Old 11-20-2013, 07:09 AM
 
Location: UpstateNY
8,612 posts, read 8,427,479 times
Reputation: 7530
Caladium, kudos on the marathon! I like your ideas of the 20 greatest movies and wine!

LOL emergency car stuff. The only thing I don't have in my truck is food. do Tic Tacs count?
 
Old 11-20-2013, 07:59 AM
 
Location: State of Being
35,885 posts, read 67,633,970 times
Reputation: 22439
Quote:
Originally Posted by CCc girl View Post
Caladium, kudos on the marathon! I like your ideas of the 20 greatest movies and wine!

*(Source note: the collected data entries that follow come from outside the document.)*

Lemma depth_le_of_compression p c D x :
  0 < p -> 0 < c -> 0 < D -> 0 <= x ->
  1 <= (1 - x * (c * Rpower (2 / D) p / 2)) * D -> x <= 2 / c * Rpower D p.
Proof.
  intros Hp Hc HD Hx Hcomp.
  assert (H2 : Rpower (2 / D) p * Rpower D p = Rpower 2 p).
  { rewrite Rpower_mult_distr by (try apply Rdiv_lt_0_compat; lra).
    f_equal. field. lra. }
  pose proof (Rpower_ge_1 2 p ltac:(lra) ltac:(lra)).
  pose proof (exp_pos (p * ln (2 / D))). pose proof (exp_pos (p * ln D)).
  fold (Rpower (2 / D) p) (Rpower D p) in *.
  assert (Heta : x * (c * Rpower (2 / D) p) < 2) by nra.
  apply Rmult_le_reg_l with c; [lra|]. field_simplify; [|lra]. nra.
Qed.

Lemma ln_lt_succ_log2 h : (1 <= h)%nat -> ln (INR h) < (INR (Nat.log2 h) + 1) * ln 2.
Proof.
  intro Hh. destruct (Nat.log2_spec h) as [_ Hlt]; [lia|].
  rewrite <- S_INR, <- ln_pow by lra.
  apply ln_increasing; [apply lt_0_INR; lia|].
  replace 2 with (INR 2) by reflexivity. rewrite <- pow_INR. apply lt_INR. exact Hlt.
Qed.

Lemma Rpower_inv_le x M D p :
  0 < x -> 0 < M -> 0 < D -> 0 < p -> x <= M * Rpower D p ->
  Rpower x (1 / p) <= Rpower M (1 / p) * D.
Proof.
  intros Hx HM HD Hp Hle.
  apply Rle_trans with (Rpower (M * Rpower D p) (1 / p)).
  - apply Rle_Rpower_l; [apply Rlt_le, Rdiv_lt_0_compat|]; lra.
  - rewrite <- Rpower_mult_distr, Rpower_mult by (auto; apply exp_pos).
    replace (p * (1 / p)) with 1 by (field; lra). rewrite Rpower_1 by lra. lra.
Qed.

Section CompressedDescent.
Variables (Y : NormedSpace) (nrm : Y -> R) (p c : R) (h : nat) (f : list nat -> Y) (L bp : R).
Hypotheses (Hnorm : is_norm Y nrm) (Hp : 1 < p) (Hc : 0 < c)
  (Hbeta : forall t, 0 < t -> t <= 2 -> beta_sup_le Y nrm t (1 - c * Rpower t p))
  (HL : 0 <= L) (Hbp : 0 <= bp) (Hh : (1 <= h)%nat).
Hypothesis Hlip : forall u v d, tree_vertex h u -> tree_vertex h v -> tree_dist h u v d ->
  nrm (vsub (f u) (f v)) <= L * INR d.
Hypothesis Hcolip : forall u v d, tree_vertex h u -> tree_vertex h v -> tree_dist h u v d ->
  INR d <= bp * nrm (vsub (f u) (f v)).

Let D := bp * L.
Let eta := c * Rpower (2 / D) p / 2.

Lemma one_le_distortion : 1 <= D.
Proof.
  assert (Hv : tree_vertex h (nil ++ 0%nat :: nil)) by (unfold tree_vertex; simpl; lia).
  assert (Hv0 : tree_vertex h nil) by (unfold tree_vertex; simpl; lia).
  pose proof (tree_dist_prefix h nil (0%nat :: nil) Hv) as Hd.
  pose proof (Hlip _ _ _ Hv0 Hv Hd). pose proof (Hcolip _ _ _ Hv0 Hv Hd).
  simpl in *. unfold D. nra.
Qed.

Lemma lip_colip_pos : 0 < L /\ 0 < bp.
Proof. pose proof one_le_distortion. unfold D in *. split; nra. Qed.

Lemma fork_separation u (g : nat -> list nat) K :
  (1 <= K)%nat -> (forall n, length (g n) = (K - 1)%nat) ->
  (forall n, tree_vertex h (u ++ n :: g n)) ->
  sep_ge Y nrm (fun n => vsub (f u) (f (u ++ n :: g n))) (2 * INR K / bp).
Proof.
  intros HK Hg Hvert m n Hmn. rewrite vsub_vsub_l.
  pose proof (Hcolip _ _ _ (Hvert n) (Hvert m)
    (tree_dist_fork h u n m _ _ (not_eq_sym Hmn) (Hvert n) (Hvert m))) as Hd.
  rewrite !Hg in Hd.
  replace (S (K - 1) + S (K - 1))%nat with (2 * K)%nat in Hd by lia.
  rewrite mult_INR in Hd. destruct lip_colip_pos as [_ Hbp0].
  apply Rmult_le_reg_l with bp; [lra|]. field_simplify; simpl in Hd; lra.
Qed.

Definition compressed_descents (j : nat) : Prop :=
  forall a k, (length a + 2 ^ j <= h)%nat -> exists s, length s = (2 ^ j - 1)%nat /\
    nrm (vsub (f a) (f (a ++ k :: s))) <= (1 - INR j * eta) * L * INR (2 ^ j).

Lemma compressed_descents_0 : compressed_descents 0.
Proof.
  intros a k Hlen. exists nil. split; [reflexivity|].
  assert (Hv : tree_vertex h (a ++ k :: nil))
    by (unfold tree_vertex; rewrite length_app; simpl in *; lia).
  assert (Ha : tree_vertex h a) by (unfold tree_vertex; simpl in *; lia).
  pose proof (Hlip _ _ _ Ha Hv (tree_dist_prefix h a _ Hv)). simpl in *. lra.
Qed.
(* Let $\phi_C(t)=1/\cosh t$ (the hyperbolic-cosine characteristic function), whose Khintchine pair is $[0,m_C]$ with $m_C(dx)=\frac12\frac{|x|}{1+x^2}\frac{1}{\sinh(\pi|x|/2)}dx$. Its free analogue $\tilde\phi_C$ has Voiculescu transform $$V_{\tilde\phi_C}(it)=-it^2\int_0^\infty\log\cosh(s)\,e^{-ts}ds=i\big[1-t\beta(t/2)\big]=i\big[t\beta(t/2+1)-1\big],\qquad t>0.$$ Consequently, $\beta(s)+\beta(s+1)=1/s$ for all $s>0$.
   Context: $\beta(x):=\sum_{k=0}^\infty\frac{(-1)^k}{x+k}=\frac12[\psi(\frac{x+1}{2})-\psi(\frac x2)]$ for $x>0$, where $\psi=\Gamma'/\Gamma$ is the digamma function. For an infinitely divisible characteristic function $\phi$ with Khintchine exponent $\log\phi$, its free analogue $\tilde\phi$ is the $\boxplus$-infinitely divisible probability measure whose Voiculescu transform satisfies $V_{\tilde\phi}(it)=it^2\int_0^\infty\overline{\log\phi(s)}e^{-ts}ds$, $t>0$; if $\phi$ has Khintchine pair $[0,m]$ with $m$ symmetric, this equals $-it\int_{\mathbb{R}}\frac{1+x^2}{t^2+x^2}m(dx)$. *)

From Stdlib Require Import Reals Lra ClassicalEpsilon.
Open Scope R_scope.

Definition beta_term (x : R) (k : nat) : R := (-1) ^ k / (x + INR k).

(* beta(x) := the sum of the series (chosen classically; for x > 0 the
   series converges, so this is its unique sum). *)
Definition beta (x : R) : R :=
  epsilon (inhabits 0) (fun l => infinite_sum (beta_term x) l).

Definition improper_integral_0_inf (f : R -> R) (l : R) : Prop :=
  exists pr : forall b : R, Riemann_integrable f 0 b,
    forall eps : R, eps > 0 ->
      exists B : R, forall b : R, b >= B -> Rabs (RiemannInt (pr b) - l) < eps.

LOL emergency car stuff. The only thing I don't have in my truck is food. do Tic Tacs count?
Tic Tacs count! lol

List of items in my car: downfilled blanket, set of jumper cables, set of tire chains, carpet brush, de-icing brush/scraper, doggie seat cover (waterproof), flashlight (heavy duty), basket with wheels, plastic rain poncho, Altoids, iPhone charger.

In the next two weeks, I will be looking for sandbags (to place over back tire wells) as my Audi is a "crossover" and I like to have the extra weight in the cargo section for weight/traction on slick roads.

I have been in situations where I needed all of those items.

I have used the sandbags when my car has slid off the road . . . slit them to add friction to the ice surface.
 
Old 11-20-2013, 08:05 AM
 
Location: Verde Valley AZ
8,766 posts, read 9,841,864 times
Reputation: 11350
Quote:
Originally Posted by anifani821 View Post
Tic Tacs count! lol

List of items in my car: downfilled blanket, set of jumper cables, set of tire chains, carpet brush, de-icing brush/scraper, doggie seat cover (waterproof), flashlight (heavy duty), basket with wheels, plastic rain poncho, Altoids, iPhone charger.

In the next two weeks, I will be looking for sandbags (to place over back tire wells) as my Audi is a "crossover" and I like to have the extra weight in the cargo section for weight/traction on slick roads.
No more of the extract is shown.